UN verurteilt Zurückdrängen von Flüchtlingsbooten

Das Migazin vom 11.05.2020 berichtet: Für 79 gerettete Bootsflüchtlinge ist das Ausharren auf einem Frachter im Mittelmeer zu Ende gegangen. Für über 150 Menschen geht das Warten weiter. Die UN kritisieren das Zurückdrängen von Flüchtlingsbooten auf dem Mittelmeer scharf.

Das UN-Menschenrechtkommissariat hat die restriktive Politik europäischer Staaten gegenüber Bootsflüchtlingen auf dem Mittelmeer scharf kritisiert. Die abwehrenden Maßnahmen gefährdeten Menschenleben, betonte der Sprecher des Hochkommissariats, Rupert Colville, am Freitag in Genf. Laut Berichten verlangten die Behörden Maltas von Handelsschiffen, dass sie Boote mit Flüchtlingen und Migranten auf das offene Meer zurückdrängen. Das sei besonders besorgniserregend.

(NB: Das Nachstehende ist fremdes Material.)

Lemma rho_theta_cat x y v : rho_theta (x ++ y) v = rho_theta x v + rho_theta y v.
Proof. by rewrite /rho_theta big_cat. Qed.

Lemma n_neq0 : n%:Z != 0. Proof. by rewrite eqz_nat -lt0n. Qed.

(* The degrees of an element of [Lambda_n] are multiples of [n], where [sigma] acts trivially. *)
Lemma rho_theta_lmul x y v :
  inLam s si H J n x -> rho_theta (lmul s si x y) v = rho_theta x (rho_theta y v).
Proof.
move=> hx; rewrite /rho_theta /lmul big_allpairs_dep /= big_seq [RHS]big_seq.
apply: eq_bigr => p xp.
rewrite (morphD_sum (theta_pow_morphD haut _)) (morphD_sum (actD hact _)); apply: eq_bigr => q _.
have [[k ->] _] := hx p xp.
rewrite (sigz_dvd_id hs s_n) ?dvdz_mull //.
by rewrite divzMDl ?n_neq0 // mulzK ?n_neq0 // (theta_powD haut) (theta_pow_act haut) (actM hact).
Qed.

Lemma rho_theta_mLam x v : in_mLam s si H J n m x -> rho_theta x v = 0.
Proof.
case=> _ [l [hl xl]]; rewrite (rho_theta_leqv v xl) /rho_theta big_flatten big_map /=.
apply: big1_seq => p /andP[_ lp]; have [mp _] := hl p lp.
rewrite /lmul big_allpairs_dep /= big_seq1.
by apply: big1 => q _; rewrite (actM hact) (act_max hact).
Qed.

Lemma theta_LamModQ : exists rho : seq (int * R) -> N -> N,
  [/\ LamModQ s si H J n m rho,
      (forall r v, rho [:: (0%:Z, r)] v = act r v) &
      theta_rel s si H J n rho act theta thetai].
Proof.
exists rho_theta; split.
- split; last by move=> x mx v; apply: rho_theta_mLam.
  split.
  + by move=> x y _ _ xy v; apply: rho_theta_leqv.
  + by move=> x _; apply: rho_theta_morphD.
  + by move=> x y _ _ v; apply: rho_theta_cat.
  + by move=> x y hx _ v; apply: rho_theta_lmul.
  + by move=> v; rewrite rho_theta1 div0z (act1 hact).
- by move=> r v; rewrite rho_theta1 div0z.
- split=> [a _ v | b _ v]; rewrite rho_theta1.
  + by rewrite -{1}(mul1r n%:Z) mulzK ?n_neq0.
  + by rewrite -mulN1r mulzK ?n_neq0.
Qed.
End ThetaModule.

Section SimpleAutModule.
Variable R : comNzRingType.
Variable m : R -> Prop.
Hypothesis m_max : is_max_ideal m.
Variables (N : zmodType) (act : R -> N -> N) (theta thetai : N -> N).
Hypotheses (hact : RmodVS m act) (haut : RAut act theta thetai).
Hypothesis N_simple : forall P : N -> Prop,
  P 0 -> (forall u v, P u -> P v -> P (u + v)) -> (forall r v, P v -> P (act r v)) ->
  (forall v, P v -> P (theta v)) -> (forall v, P v -> P (thetai v)) ->
  (forall v, P v -> v = 0) \/ (forall v, P v).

Der UN-Sprecher betonte auch, dass derzeit keine Seenotrettungsschiffe im zentralen Mittelmeer operierten. Die humanitäre Arbeit privater Seenotretter werde laut Berichten von Regierungen behindert und unterbunden. Allen privaten Seenotrettern müsse unbedingt erlaubt werden, ihre Operationen fortzusetzen.

Nach Angaben der Organisation Alarm Phone, die eine Notrufnummer für Flüchtlinge in Seenot betreibt, werden Boote in Seenot im Mittelmeer immer wieder sich selbst überlassen, ohne dass Malta oder Italien oder die EU-Grenzer eingriffen. Immer wieder ertrinken demnach Menschen oder werden nach Libyen zurückgebracht und in den Lagern interniert, wo Folter und Hunger herrschen.